Figure 2. Frequency and amplitude of GABA_A IPSCs is significantly reduced by high sevoflurane concentration.

(A) Sevoflurane effects on GABA_A inhibitory postsynaptic currents (IPSCs). Original recording showing control condition (upper trace), sevoflurane (1.5 MAC, middle trace) and wash out (lower trace). GABA_A IPSCs were isolated by adding CNQX (50 µM), AP5 (50 µM), and strychnine (1 µM). (B) Overlay of averaged IPSCs from the same experiments as depicted in (A). Note the prolonged decay time and the slightly reduced amplitude under sevoflurane (1.5 MAC). (C) In summary, application of sevoflurane significantly increased the decay times by 33.7±7.1% at 0.5 MAC (n = 8, p<0.01), and 98.4±21.8% at 1.5 MAC sevoflurane (n = 9, p<0.01).
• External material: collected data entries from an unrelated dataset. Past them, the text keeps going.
(* Only the window [t > PI/2 - sqrt (a - u)], where [a - eta = O(a - u)], is used. *)
Lemma J2_lower : a - u <= 1 / 4 ->
  sqrt (a + nu) / (2 * (1 + (a - v)) * sqrt (1 + (a - v)) * (a - u)) <= J2 nu a u v.
Proof.
  intros h4. pose proof PI2_1.
  set (ep := a - u). set (K := 1 + (a - v)). set (A := a + nu). set (de := sqrt ep).
  assert (hep : 0 < ep) by (unfold ep; lra).
  assert (hde : 0 < de) by (apply sqrt_lt_R0; lra).
  assert (dd : de * de = ep) by (apply sqrt_sqrt; lra).
  assert (hde2 : de <= 1 / 2) by (unfold ep in *; nra).
  assert (sA := sqrt_lt_R0 A ltac:(unfold A; lra)). assert (sK := sqrt_lt_R0 K ltac:(unfold K; lra)).
  assert (sAA : sqrt A * sqrt A = A) by (apply sqrt_sqrt; unfold A; lra).
  set (c0 := A / (2 * sqrt A * (de * sqrt K) * (ep * K))).
  assert (hc0 : 0 < c0)
    by (unfold c0, A, K in *; apply Rdiv_lt_0_compat; [lra | repeat apply Rmult_lt_0_compat; lra]).
  unfold J2. rewrite <- (RInt_Chasles_R _ 0 (PI / 2 - de) (PI / 2)) by (apply ex_RInt_F1_eta_sinsq; auto).
  assert (B1 : 0 <= RInt (fun t => F1 nu a (eta u v t) * (2 * sinsq t)) 0 (PI / 2 - de)).
  { apply RInt_ge_0; [lra | apply ex_RInt_F1_eta_sinsq; auto|]. intros t _.
    assert (He := eta_bounds u v t ltac:(lra)). assert (H1 := F1_pos nu a (eta u v t) ltac:(lra)).
    assert (H' := sinsq_bound t). nra. }
  assert (B2 : (PI / 2 - (PI / 2 - de)) * c0 <=
    RInt (fun t => F1 nu a (eta u v t) * (2 * sinsq t)) (PI / 2 - de) (PI / 2)).
  { apply RInt_ge_const; [lra | apply ex_RInt_F1_eta_sinsq; auto|].
    intros t Ht. assert (HS := sinsq_ge_half t ltac:(lra)).
    assert (HC := cossq_le_sq_dist_PI2 t ltac:(lra)).
    assert (F1b : c0 <= F1 nu a (eta u v t)) by (apply F1_eta_lower; fold ep; nra).
    nra. }
  assert (Eq : (PI / 2 - (PI / 2 - de)) * c0 = sqrt A / (2 * K * sqrt K * ep))
    by (unfold c0; rewrite <- sAA at 1; field; unfold K in *; repeat split; lra).
  lra.
Qed.

(* Split according to whether [a - eta < dd]: there [sin^2 >= 1/2] and [F0 = O(dd F1)];
   elsewhere [F0 <= sqrt (a + nu) / sqrt dd]. *)
Lemma Jint_upper dd t : 0 < dd -> dd <= (u - v) / 2 ->
  Jint nu a u v t <= 4 * dd * (F1 nu a (eta u v t) * (2 * sinsq t)) + 1 * (2 * sqrt (a + nu) / sqrt dd).
Proof.
  intros hd hd2. assert (He := eta_bounds u v t ltac:(lra)).
  assert (HQ := a_sub_eta t). assert (HC := cossq_bound t). assert (HSC := sinsq_plus_cossq t).
  assert (HF1 := F1_pos nu a (eta u v t) ltac:(lra)). assert (HS0 := sinsq_bound t).
  set (A := a + nu). set (c := 2 * sqrt A / sqrt dd).
  assert (sA := sqrt_lt_R0 A ltac:(unfold A; lra)). assert (sd := sqrt_lt_R0 dd hd).
  assert (hc : 0 < c) by (unfold c; apply Rdiv_lt_0_compat; lra).
  unfold Jint. set (e := eta u v t) in *.
  assert (s1 := sqrt_lt_R0 (e + nu) ltac:(lra)). assert (s2 := sqrt_lt_R0 (a - e) ltac:(lra)).
  assert (T1 : 0 <= 4 * dd * (F1 nu a e * (2 * sinsq t))) by (apply Rmult_le_pos; nra).
  destruct (Rlt_le_dec (a - e) dd) as [Hq|Hq].
  - assert (HS : 1 / 2 <= sinsq t).
    { assert (cossq t < 1 / 2); [|lra].
      apply Rmult_lt_reg_l with (u - v); lra. }
    rewrite F0_eq_F1 by lra. fold A.
    assert (2 * (e + nu) * (a - e) / A <= 2 * dd).
    { apply Rmult_le_reg_r with A; [unfold A; lra|].
      unfold Rdiv. rewrite Rmult_assoc, Rinv_l by (unfold A; lra).
      assert (e + nu <= A) by (unfold A; lra). nra. }
    assert (F1 nu a e * (2 * (e + nu) * (a - e) / A) <= F1 nu a e * (2 * dd))
      by (apply Rmult_le_compat_l; lra).
    assert (F1 nu a e * 1 <= F1 nu a e * (2 * sinsq t)) by (apply Rmult_le_compat_l; lra).
    nra.
  - unfold F0.
    assert (m1 : sqrt (e + nu) <= sqrt A) by (apply sqrt_le_1; unfold A; lra).
    assert (m2 : sqrt dd <= sqrt (a - e)) by (apply sqrt_le_1; lra).
    assert (sqrt (e + nu) / sqrt (a - e) * 2 <= c).
    { unfold c. replace (sqrt (e + nu) / sqrt (a - e) * 2) with (2 * sqrt (e + nu) / sqrt (a - e))
        by (field; lra).
      apply Rdiv_le_cross; nra. }
    lra.
Qed.

Lemma J_upper dd : 0 < dd -> dd <= (u - v) / 2 ->
  J nu a u v <= 4 * dd * J2 nu a u v + 1 * (PI / 2 * (2 * sqrt (a + nu) / sqrt dd)).
Proof.
  intros hd hd2. pose proof PI_RGT_0. set (c := 2 * sqrt (a + nu) / sqrt dd).
  unfold J, J2.
  replace (PI / 2 * c) with (RInt (fun _ => c) 0 (PI / 2))
    by (rewrite (RInt_const (V := R_CompleteNormedModule)); change ((PI / 2 - 0) * c = PI / 2 * c); ring).
  rewrite <- RInt_lincomb
    by (auto using ex_RInt_F1_eta_sinsq; apply (ex_RInt_const (V := R_CompleteNormedModule))).
  apply RInt_le; [lra | apply ex_RInt_continuous_R; intros; apply continuous_Jint; auto | |].
  - apply ex_RInt_continuous_R. intros t. apply continuous_Rplus.
    + apply continuous_Rmult; [apply continuous_Rconst|].
      apply continuous_Rmult; [apply continuous_F1_eta; auto|].
      apply continuous_Rmult; [apply continuous_Rconst | apply continuous_sinsq].
    + apply continuous_Rmult; apply continuous_Rconst.
  - intros t _. apply Jint_upper; auto.
Qed.

End Asymptotics.

(** * Monotonicity and inversion of [lambda2] *)

Definition Lam (nu a v u : R) := a + u + v + 2 * nu - J nu a u v / J2 nu a u v.

Section Lambda.

Variables nu a u v : R.
Hypotheses (Hv : -nu < v) (Hvu : v < u) (Hu : u < a).

Lemma lambda2_eq_Lam : lambda2 nu a u v = Lam nu a v u.
Proof. unfold lambda2, Lam. rewrite dI2_eq_J2, Ifun_eq_J; auto. Qed.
Absolute decay time values were 22.3±1.3 ms for control (n = 17), 32.2±2.5 ms for 0.5 MAC (n = 8), and 40.4±5.4 ms for 1.5 MAC (n = 9). (D) Cumulative distribution of IPSC amplitudes from the presented experiment. Sevoflurane shifted the population to smaller IPSC amplitudes (dotted gray line) compared with values from control condition (black line) (E) Pooled date showed that amplitudes of GABA_A IPSCs remained stable at 0.5 MAC (change in amplitude −2.5±6.7%, n = 8), but were significantly changed by −30.7±3.8% at 1.5 MAC sevoflurane concentration (n = 9, p<0.01). (F) Cumulative distribution of inter-event intervals for shown representative traces. Sevoflurane prolonged the inter-event intervals (control black line, sevoflurane dotted gray line). (G) Analysis revealed that the IPSC frequency was essentially reduced at 1.5 MAC sevoflurane (change in frequency by −76.4±5.5% for 1.5 MAC, n = 9, p<0.01), whereas such an impressive effect was not detectable at 0.5 MAC sevoflurane (change in frequency −14.6±11.2%, n = 8). **p<0.01 as indicated.